Lemma sandwich_gen_generates (i0 : I) (j0 : J) :
  (forall s, exists x0 w, word_eval mul0 gen x0 w = Some (i0, s, j0)) ->
  is_choice_of_generators mul sandwich_gen.
Proof.
move=> gen_S s; have [x0 [w /word_eval_rees0_sandwich ->]] := gen_S s.
by exists (inl x0), (sandwich_word x0 w).
Qed.

End SandwichGenerators.

Hypothesis mulA : forall a b c, mul a (mul b c) = mul (mul a b) c.
Hypotheses (mul1s : forall a, mul one a = a) (muls1 : forall a, mul a one = a).

Variables (i0 : I) (j0 : J) (p q : S).
Hypotheses (Pp : P j0 i0 = Some p) (qp : mul q p = one).

Definition rees0_embed (s : S) : M0 := Some (i0, mul s q, j0).

Definition rees0_retract (a : option M0) : option (option S) :=
  match a with
  | None => Some None
  | Some None => None
  | Some (Some (i, g, j)) => omap (fun r => Some (mul g r)) (P j i0)
  end.

Lemma rees0_embed_morph : {morph rees0_embed : s t / mul s t >-> mul0 s t}.
Proof.
move=> s t; rewrite /rees0_embed /= Pp; congr (Some (_, _, _)).
by rewrite -!mulA (mulA q) qp mul1s.
Qed.

Lemma rees0_retractM a s :
  rees0_retract (mul1 mul0 a (rees0_embed s)) =
  omap (fun b => mul1 mul b s) (rees0_retract a).
Proof.
case: a => [[[[i g] j]|]|] //=; last by rewrite Pp /= -mulA qp muls1.
by case: (P j i0) => //= r; rewrite Pp /= -!mulA qp muls1.
Qed.

Lemma rees0_loop_problem_transfer (X : Type) (sigma : X -> S) u :
  loop_problem mul sigma u <-> loop_problem mul0 (rees0_embed \o sigma) u.
Proof.
exact: (loop_problem_transfer rees0_embed_morph (retr := rees0_retract) erefl rees0_retractM).
Qed.

End ReesMatrixWithZero.

Lemma rees0_regular_restriction (S : Type) (mul : S -> S -> S) (one : S)
    (mulA : forall a b c, mul a (mul b c) = mul (mul a b) c)
    (mul1s : forall a, mul one a = a) (muls1 : forall a, mul a one = a)
    (I J : Type) (P : J -> I -> option S) :
  fin_generated (rees0_mul mul P) ->
  (exists j i p q, P j i = Some p /\ mul q p = one) ->
  loop_problem_is_regular_restriction mul (rees0_mul mul P).
Proof.
move=> [Z [gen gen_M]] [j0 [i0 [p [q [Pp qp]]]]].
apply: (@regular_restriction_of_loop_embedding _ _ _ _ _
          (sandwich_gen one P gen) (rees0_embed mul i0 j0 q)).
- by apply: (sandwich_gen_generates one (i0 := i0) (j0 := j0)) => s; apply: gen_M.
- by exists Z, gen.
- exact: (rees0_loop_problem_transfer mulA mul1s muls1 Pp qp (sandwich_gen _ _ _)).
Qed.

Lemma rees_adjoin_zero_morph (S : Type) (mul : S -> S -> S) (I J : Type)
    (P : J -> I -> S) :
  {morph Some : a b /
    rees_mul mul P a b >-> rees0_mul mul (fun j i => Some (P j i)) a b}.
Proof. by case=> [[i g] j] [[i' g'] j']. Qed.

Lemma rees_regular_restriction (S : Type) (mul : S -> S -> S) (one : S)
    (mulA : forall a b c, mul a (mul b c) = mul (mul a b) c)
    (mul1s : forall a, mul one a = a) (muls1 : forall a, mul a one = a)
    (I J : Type) (P : J -> I -> S) :
  fin_generated (rees_mul mul P) ->
  (exists j i q, mul q (P j i) = one) ->
  loop_problem_is_regular_restriction mul (rees_mul mul P).
Proof.
move=> [Z [gen gen_M]] [j0 [i0 [q qp]]].
pose P0 j i := Some (P j i).
pose phi s := (i0, mul s q, j0).
have morph_Some := rees_adjoin_zero_morph mul P.
apply: (@regular_restriction_of_loop_embedding _ _ _ _ _
          (sandwich_gen one P0 (Some \o gen)) phi).
- apply: (sandwich_gen_generates one (i0 := i0) (j0 := j0)) => s.
  have [x0 [w E]] := gen_M (i0, s, j0).
  by exists x0, w; rewrite (word_eval_morph morph_Some) E.
- by exists Z, gen.
- move=> u; have Pp : P0 j0 i0 = Some (P j0 i0) by [].
  apply: iff_trans (rees0_loop_problem_transfer mulA mul1s muls1 Pp qp _ u) _.
  exact: iff_sym (loop_problem_adjoin_zero morph_Some (fun _ => erefl) _ u).
Qed.

Theorem theorem5p3 (S : Type) (mul : S -> S -> S) (one : S)
  (mulA : forall a b c, mul a (mul b c) = mul (mul a b) c)
  (mul1s : forall a, mul one a = a) (muls1 : forall a, mul a one = a)
  (I J : Type) :
  (forall P : J -> I -> S,
      fin_generated (rees_mul mul P) ->
      (exists (j : J) (i : I), is_unit mul one (P j i)) ->
      loop_problem_is_regular_restriction mul (rees_mul mul P))
  /\
  (forall P : J -> I -> option S,
      fin_generated (rees0_mul mul P) ->
      (exists (j : J) (i : I) (u : S), P j i = Some u /\ is_unit mul one u) ->
      loop_problem_is_regular_restriction mul (rees0_mul mul P)).
Proof.
split=> P gen_M.
- case=> j [i [q [_ qp]]].
  by apply: (rees_regular_restriction mulA mul1s muls1 gen_M); exists j, i, q.
- case=> j [i [p [Pp [q [_ qp]]]]].
  by apply: (rees0_regular_restriction mulA mul1s muls1 gen_M); exists j, i, p, q.
Qed.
○ ○ ○
__WORK REQUEST__
Exactly as written, please transcribe the lines from the start of the records above to the line that holds "End SandwichGenerators.", both ends included.

__RESPONSE AREA__
Lemma sandwich_gen_generates (i0 : I) (j0 : J) :
  (forall s, exists x0 w, word_eval mul0 gen x0 w = Some (i0, s, j0)) ->
  is_choice_of_generators mul sandwich_gen.
Proof.
move=> gen_S s; have [x0 [w /word_eval_rees0_sandwich ->]] := gen_S s.
by exists (inl x0), (sandwich_word x0 w).
Qed.

End SandwichGenerators.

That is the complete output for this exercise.